Saved data entries:
----------
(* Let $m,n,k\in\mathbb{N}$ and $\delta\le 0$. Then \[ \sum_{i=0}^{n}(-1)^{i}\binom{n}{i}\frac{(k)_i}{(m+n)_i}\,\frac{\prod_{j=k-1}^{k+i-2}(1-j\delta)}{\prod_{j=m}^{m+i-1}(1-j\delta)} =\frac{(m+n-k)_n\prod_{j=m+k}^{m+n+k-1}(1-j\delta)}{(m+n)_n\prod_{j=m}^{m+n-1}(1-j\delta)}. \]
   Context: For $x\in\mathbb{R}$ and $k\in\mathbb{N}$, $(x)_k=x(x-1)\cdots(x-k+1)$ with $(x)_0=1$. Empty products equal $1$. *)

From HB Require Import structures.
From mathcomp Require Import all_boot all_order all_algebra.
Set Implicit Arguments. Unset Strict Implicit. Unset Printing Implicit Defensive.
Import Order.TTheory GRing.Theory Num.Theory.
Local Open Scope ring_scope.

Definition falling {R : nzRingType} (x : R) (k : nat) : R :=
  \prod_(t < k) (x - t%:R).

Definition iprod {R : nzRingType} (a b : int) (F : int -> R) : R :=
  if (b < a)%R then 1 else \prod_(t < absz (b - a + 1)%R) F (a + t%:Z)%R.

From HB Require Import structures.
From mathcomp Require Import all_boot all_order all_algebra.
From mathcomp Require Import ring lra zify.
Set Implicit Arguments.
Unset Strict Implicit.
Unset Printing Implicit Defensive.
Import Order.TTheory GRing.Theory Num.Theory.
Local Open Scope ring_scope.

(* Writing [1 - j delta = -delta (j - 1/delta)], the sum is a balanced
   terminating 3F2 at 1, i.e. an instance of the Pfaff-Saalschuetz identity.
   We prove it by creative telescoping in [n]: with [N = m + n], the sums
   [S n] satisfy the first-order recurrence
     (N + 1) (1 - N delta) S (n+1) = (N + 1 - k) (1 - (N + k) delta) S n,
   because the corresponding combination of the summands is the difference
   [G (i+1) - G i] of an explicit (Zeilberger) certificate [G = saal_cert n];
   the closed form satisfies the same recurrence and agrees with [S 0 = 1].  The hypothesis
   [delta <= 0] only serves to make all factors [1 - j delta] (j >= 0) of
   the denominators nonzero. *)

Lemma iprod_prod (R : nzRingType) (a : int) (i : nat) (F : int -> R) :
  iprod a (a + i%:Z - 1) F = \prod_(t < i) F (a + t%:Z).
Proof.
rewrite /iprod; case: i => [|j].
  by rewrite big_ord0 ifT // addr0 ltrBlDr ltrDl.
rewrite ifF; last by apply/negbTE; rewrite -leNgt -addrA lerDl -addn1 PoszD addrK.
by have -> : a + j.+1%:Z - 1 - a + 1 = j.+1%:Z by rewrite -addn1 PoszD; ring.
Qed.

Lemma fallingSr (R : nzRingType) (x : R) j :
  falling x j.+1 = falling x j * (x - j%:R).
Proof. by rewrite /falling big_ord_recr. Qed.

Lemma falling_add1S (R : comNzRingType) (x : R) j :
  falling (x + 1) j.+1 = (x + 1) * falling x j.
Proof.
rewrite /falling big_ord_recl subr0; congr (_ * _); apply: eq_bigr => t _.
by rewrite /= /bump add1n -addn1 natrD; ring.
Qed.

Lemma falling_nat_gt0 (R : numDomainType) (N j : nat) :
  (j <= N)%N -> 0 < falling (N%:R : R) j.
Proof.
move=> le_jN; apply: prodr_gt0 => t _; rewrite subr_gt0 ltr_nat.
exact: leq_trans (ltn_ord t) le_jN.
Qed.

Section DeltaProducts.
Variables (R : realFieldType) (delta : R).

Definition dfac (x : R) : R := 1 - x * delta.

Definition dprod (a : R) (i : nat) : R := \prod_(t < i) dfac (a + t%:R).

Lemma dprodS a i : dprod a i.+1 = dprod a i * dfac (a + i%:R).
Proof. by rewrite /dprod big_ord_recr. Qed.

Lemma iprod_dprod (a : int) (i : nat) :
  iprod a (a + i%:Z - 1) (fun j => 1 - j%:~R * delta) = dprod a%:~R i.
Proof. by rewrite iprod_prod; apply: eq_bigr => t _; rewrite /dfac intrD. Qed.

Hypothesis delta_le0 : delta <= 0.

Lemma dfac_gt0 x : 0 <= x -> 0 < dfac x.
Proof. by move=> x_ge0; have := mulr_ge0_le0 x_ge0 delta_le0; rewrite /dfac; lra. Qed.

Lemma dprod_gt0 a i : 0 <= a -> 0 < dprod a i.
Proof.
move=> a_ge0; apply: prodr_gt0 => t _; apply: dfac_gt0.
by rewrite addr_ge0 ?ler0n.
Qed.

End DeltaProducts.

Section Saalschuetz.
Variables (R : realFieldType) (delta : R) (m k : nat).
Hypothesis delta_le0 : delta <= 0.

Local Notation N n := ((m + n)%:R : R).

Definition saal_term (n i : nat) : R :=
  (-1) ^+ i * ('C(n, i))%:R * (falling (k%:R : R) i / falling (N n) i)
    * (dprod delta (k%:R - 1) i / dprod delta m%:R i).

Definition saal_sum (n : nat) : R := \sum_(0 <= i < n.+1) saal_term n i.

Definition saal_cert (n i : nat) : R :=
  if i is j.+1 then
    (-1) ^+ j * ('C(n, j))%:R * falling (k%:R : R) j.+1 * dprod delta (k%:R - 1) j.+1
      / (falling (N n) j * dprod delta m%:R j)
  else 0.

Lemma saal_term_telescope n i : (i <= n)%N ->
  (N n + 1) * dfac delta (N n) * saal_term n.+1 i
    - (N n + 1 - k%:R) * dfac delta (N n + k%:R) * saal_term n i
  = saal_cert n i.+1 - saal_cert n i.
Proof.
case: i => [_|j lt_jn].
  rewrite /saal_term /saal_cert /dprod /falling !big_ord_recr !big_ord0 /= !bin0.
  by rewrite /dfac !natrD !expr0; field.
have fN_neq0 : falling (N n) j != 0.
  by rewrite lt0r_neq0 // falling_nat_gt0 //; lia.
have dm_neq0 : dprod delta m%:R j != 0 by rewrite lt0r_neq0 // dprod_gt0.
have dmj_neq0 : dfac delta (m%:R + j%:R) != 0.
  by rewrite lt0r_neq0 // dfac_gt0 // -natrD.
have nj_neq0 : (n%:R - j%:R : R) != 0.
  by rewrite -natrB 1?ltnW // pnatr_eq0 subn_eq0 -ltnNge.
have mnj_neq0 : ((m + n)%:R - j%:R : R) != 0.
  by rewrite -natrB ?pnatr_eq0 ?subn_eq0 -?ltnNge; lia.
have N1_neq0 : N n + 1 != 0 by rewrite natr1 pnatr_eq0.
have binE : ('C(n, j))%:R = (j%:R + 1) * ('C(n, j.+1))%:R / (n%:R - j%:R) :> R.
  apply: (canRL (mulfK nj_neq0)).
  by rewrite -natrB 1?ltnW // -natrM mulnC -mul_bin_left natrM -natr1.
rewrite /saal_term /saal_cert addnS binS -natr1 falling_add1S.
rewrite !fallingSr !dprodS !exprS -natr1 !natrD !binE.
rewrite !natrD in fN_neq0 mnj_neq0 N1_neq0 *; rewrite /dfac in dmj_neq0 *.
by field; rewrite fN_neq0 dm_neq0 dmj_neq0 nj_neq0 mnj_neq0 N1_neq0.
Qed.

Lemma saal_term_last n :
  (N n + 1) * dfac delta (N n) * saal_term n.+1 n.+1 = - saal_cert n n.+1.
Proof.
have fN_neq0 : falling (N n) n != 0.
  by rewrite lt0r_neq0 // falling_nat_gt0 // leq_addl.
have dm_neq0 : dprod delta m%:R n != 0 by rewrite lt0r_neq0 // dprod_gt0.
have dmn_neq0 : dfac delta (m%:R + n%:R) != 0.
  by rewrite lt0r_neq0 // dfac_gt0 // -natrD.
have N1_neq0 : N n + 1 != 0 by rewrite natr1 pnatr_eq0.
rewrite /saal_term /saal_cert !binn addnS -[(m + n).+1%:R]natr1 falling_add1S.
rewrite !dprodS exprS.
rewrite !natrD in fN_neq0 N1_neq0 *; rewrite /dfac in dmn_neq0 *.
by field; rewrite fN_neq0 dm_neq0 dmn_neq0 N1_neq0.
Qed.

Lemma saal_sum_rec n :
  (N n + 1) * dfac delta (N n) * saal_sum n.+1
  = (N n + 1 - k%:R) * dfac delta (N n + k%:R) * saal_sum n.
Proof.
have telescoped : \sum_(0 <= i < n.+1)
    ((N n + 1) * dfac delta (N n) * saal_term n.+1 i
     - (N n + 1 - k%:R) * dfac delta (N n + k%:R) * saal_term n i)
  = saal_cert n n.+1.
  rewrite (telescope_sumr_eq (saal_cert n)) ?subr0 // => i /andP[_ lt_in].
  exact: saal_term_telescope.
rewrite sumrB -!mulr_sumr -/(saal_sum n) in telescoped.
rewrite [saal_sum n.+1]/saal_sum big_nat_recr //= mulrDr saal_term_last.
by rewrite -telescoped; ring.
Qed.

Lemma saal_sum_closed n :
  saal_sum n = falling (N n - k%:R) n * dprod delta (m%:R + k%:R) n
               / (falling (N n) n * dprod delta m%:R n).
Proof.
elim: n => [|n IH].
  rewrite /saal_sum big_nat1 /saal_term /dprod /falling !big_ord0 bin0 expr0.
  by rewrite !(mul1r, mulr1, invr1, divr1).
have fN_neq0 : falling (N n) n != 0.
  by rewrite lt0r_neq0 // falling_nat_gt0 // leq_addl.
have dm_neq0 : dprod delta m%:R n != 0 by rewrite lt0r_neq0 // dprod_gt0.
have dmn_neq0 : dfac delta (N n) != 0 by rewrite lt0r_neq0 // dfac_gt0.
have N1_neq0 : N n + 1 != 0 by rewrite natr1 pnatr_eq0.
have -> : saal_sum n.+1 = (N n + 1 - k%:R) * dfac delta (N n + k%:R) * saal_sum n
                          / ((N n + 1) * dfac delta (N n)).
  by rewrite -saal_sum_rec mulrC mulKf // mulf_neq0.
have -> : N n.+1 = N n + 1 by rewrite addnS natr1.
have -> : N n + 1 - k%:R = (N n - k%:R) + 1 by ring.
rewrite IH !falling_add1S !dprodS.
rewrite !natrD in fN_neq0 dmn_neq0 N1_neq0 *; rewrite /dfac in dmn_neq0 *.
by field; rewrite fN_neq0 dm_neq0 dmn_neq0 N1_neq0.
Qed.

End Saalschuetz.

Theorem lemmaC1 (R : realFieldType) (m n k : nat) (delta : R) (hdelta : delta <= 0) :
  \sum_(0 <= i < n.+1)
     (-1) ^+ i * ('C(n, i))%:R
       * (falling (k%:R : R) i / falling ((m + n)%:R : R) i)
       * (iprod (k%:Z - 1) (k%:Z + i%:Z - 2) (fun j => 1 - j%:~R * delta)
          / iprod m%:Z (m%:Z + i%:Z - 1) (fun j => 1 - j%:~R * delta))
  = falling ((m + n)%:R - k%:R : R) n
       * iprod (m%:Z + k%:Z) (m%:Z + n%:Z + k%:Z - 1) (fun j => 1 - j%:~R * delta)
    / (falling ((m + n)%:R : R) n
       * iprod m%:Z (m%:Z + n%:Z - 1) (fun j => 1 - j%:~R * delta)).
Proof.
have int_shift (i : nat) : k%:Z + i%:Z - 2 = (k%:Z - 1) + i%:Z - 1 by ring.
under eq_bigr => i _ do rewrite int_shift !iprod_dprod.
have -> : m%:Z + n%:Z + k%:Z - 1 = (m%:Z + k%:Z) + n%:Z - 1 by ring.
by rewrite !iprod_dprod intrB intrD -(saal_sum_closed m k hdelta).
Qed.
----------
> _Task prompt_:
The result should be every line that contains "Strict", copied from the entries.

> _Completed task_:
Set Implicit Arguments. Unset Strict Implicit. Unset Printing Implicit Defensive.
Unset Strict Implicit.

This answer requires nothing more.